Work to complete
Lines in the records below that contain the word "split" must each be copied.

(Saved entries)
== Segment start ==

Lemma mem_word_of fs z : z \in W fs -> z \in vw r s.
Proof.
elim: fs => // f fs IH; rewrite mem_cat => /orP [|/IH //].
case: f => [||n] /=.
- move/mapP => [i Hi ->]; rewrite mem_cat; apply/orP; left; apply/flattenP.
  by exists [:: lc (2 * i - 1); la i; lc (2 * i)]; [apply/mapP; exists i | rewrite !inE eqxx orbT].
- move/mapP => [i Hi ->]; rewrite mem_cat; apply/orP; right; apply/flattenP.
  exists [:: lc (2 * r + 2 * i - 1); lb i; lc (2 * r + 2 * i)]; last by rewrite !inE eqxx orbT.
  by apply/mapP; exists i.
- by move/flattenP => [w']; rewrite mem_nseq => /andP [_ /eqP ->].
Qed.

Lemma jumps_cover_vw fs : v_dense r s (W fs) -> jumps_cover (3 * V + 1) (vw r s) (W fs).
Proof.
move=> dense x y Hxy Hy z; apply/idP/idP.
  by rewrite /jumped => /mem_drop /mem_take; apply: mem_word_of.
move=> Hz; have Hi : index z (vw r s) < V by rewrite index_mem.
have [p Hp Ep] := dense x.+1 (index z (vw r s)) ltac:(lia) Hi.
rewrite nth_index // in Ep.
rewrite jumped_mkseq; [|lia|lia].
apply/mapP; exists (p - x.+1); first by rewrite mem_iota; lia.
by rewrite (_ : x.+1 + (p - x.+1) = p) //; lia.
Qed.

Lemma v_dense_Xf S n : 0 < r -> 0 < S ->
  [/\ v_dense r s (W (Xf S n.+1)), v_begins r s (W (Xf S n.+1)) & v_ends r s (W (Xf S n.+1))].
Proof.
move=> r_gt0 S_gt0; have Hv := size_vw.
have vS := v_dense_vpow (s := s) (n := S) r_gt0; have bS := v_begins_vpow r s S_gt0.
have eS := v_ends_vpow r s S_gt0.
have [dB bB eB] : [/\ v_dense r s (W (Xblock S)), v_begins r s (W (Xblock S))
    & v_ends r s (W (Xblock S))].
  rewrite /word_of /= cats0; split; last by do 4 apply: v_ends_cat.
    apply: v_dense_cat; rewrite ?size_aw //; try lia; last exact: v_begins_cat.
    by apply: v_dense_cat; rewrite ?size_bw //; lia.
  exact: v_begins_cat.
elim: n => [|n [dX bX eX]]; first by split.
rewrite XfS word_of_cat; split; [|exact: v_begins_cat|exact: v_ends_cat].
by rewrite -[W (Xf S n.+1)]cat0s; apply: v_dense_cat.
Qed.

Lemma v_dense_Xf_cat S T c : 0 < r -> 0 < S -> 0 < T -> size c <= V ->
  v_dense r s (W (Xf S T) ++ c ++ W (Xf S T)).
Proof.
move=> r_gt0 S_gt0; case: T => // n _ Hc.
by have [dX bX eX] := v_dense_Xf n r_gt0 S_gt0; apply: v_dense_cat.
Qed.
End Cover.

Lemma exists_modn_window N a x : 0 < N -> exists2 z, x <= z < x + N & z %% N = a %% N.
Proof.
move=> N_gt0; elim: x => [|x [z Hz Ez]]; first by exists (a %% N); rewrite ?modn_mod ?ltn_pmod.
case: (ltnP x z) => H; first by exists z => //; lia.
by exists (z + N); [lia | rewrite modnDr].
Qed.

Lemma eq_modn_offset N a b : a %% N = b %% N -> a <= b -> exists t, b = a + t * N.
Proof.
move=> E H; exists (b %/ N - a %/ N); rewrite mulnBl.
have H3 : a %/ N * N <= b %/ N * N by rewrite leq_mul2r leq_div2r ?orbT.
by have := divn_eq a N; have := divn_eq b N; lia.
Qed.

Section Recurrence.
Variables r s m S T : nat.
Hypotheses (r_gt0 : 0 < r) (S_ge : 3 * m + 1 <= S) (T_ge2 : 2 <= T).
Local Notation V := (size (vw r s)).
Local Notation N := (size (word_of r s (Xblock S))).
Local Notation XX := (Xf S T ++ Xf S T).
Local Notation XaX := (Xf S T ++ Fa :: Xf S T).
Local Notation A := (annot r s m).

Lemma agree_around_XX_mod rho a b : a %% N = b %% N -> N + rho <= a -> N + rho <= b ->
  a + rho + 3 * N <= 2 * (T * N) -> b + rho + 3 * N <= 2 * (T * N) ->
  agree_around (A XX) (A XX) rho a b.
Proof.
have period t c : N + rho <= c -> c + t * N + rho + 3 * N <= 2 * (T * N) ->
    agree_around (A XX) (A XX) rho c (c + t * N).
  move=> H1 H2; apply: agree_around_period => x Hx1 Hx2.
  by apply: annot_XX_period => //; lia.
move=> E Ha Hb Ha' Hb'; case: (leqP a b) => H.
  by have [t Et] := eq_modn_offset E H; rewrite Et; apply: period; lia.
have [t Et] := eq_modn_offset (esym E) (ltnW H).
by apply: agree_around_sym; rewrite Et; apply: period; lia.
Qed.

Variables (rho M : nat).
Hypotheses (rho_le : 3 * (m * V) + 3 * rho + 1 <= S * V) (M_ge : 5 * N <= M).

== Segment end ==

Finished task
  rewrite /word_of /= cats0; split; last by do 4 apply: v_ends_cat.
elim: n => [|n [dX bX eX]]; first by split.
rewrite XfS word_of_cat; split; [|exact: v_begins_cat|exact: v_ends_cat].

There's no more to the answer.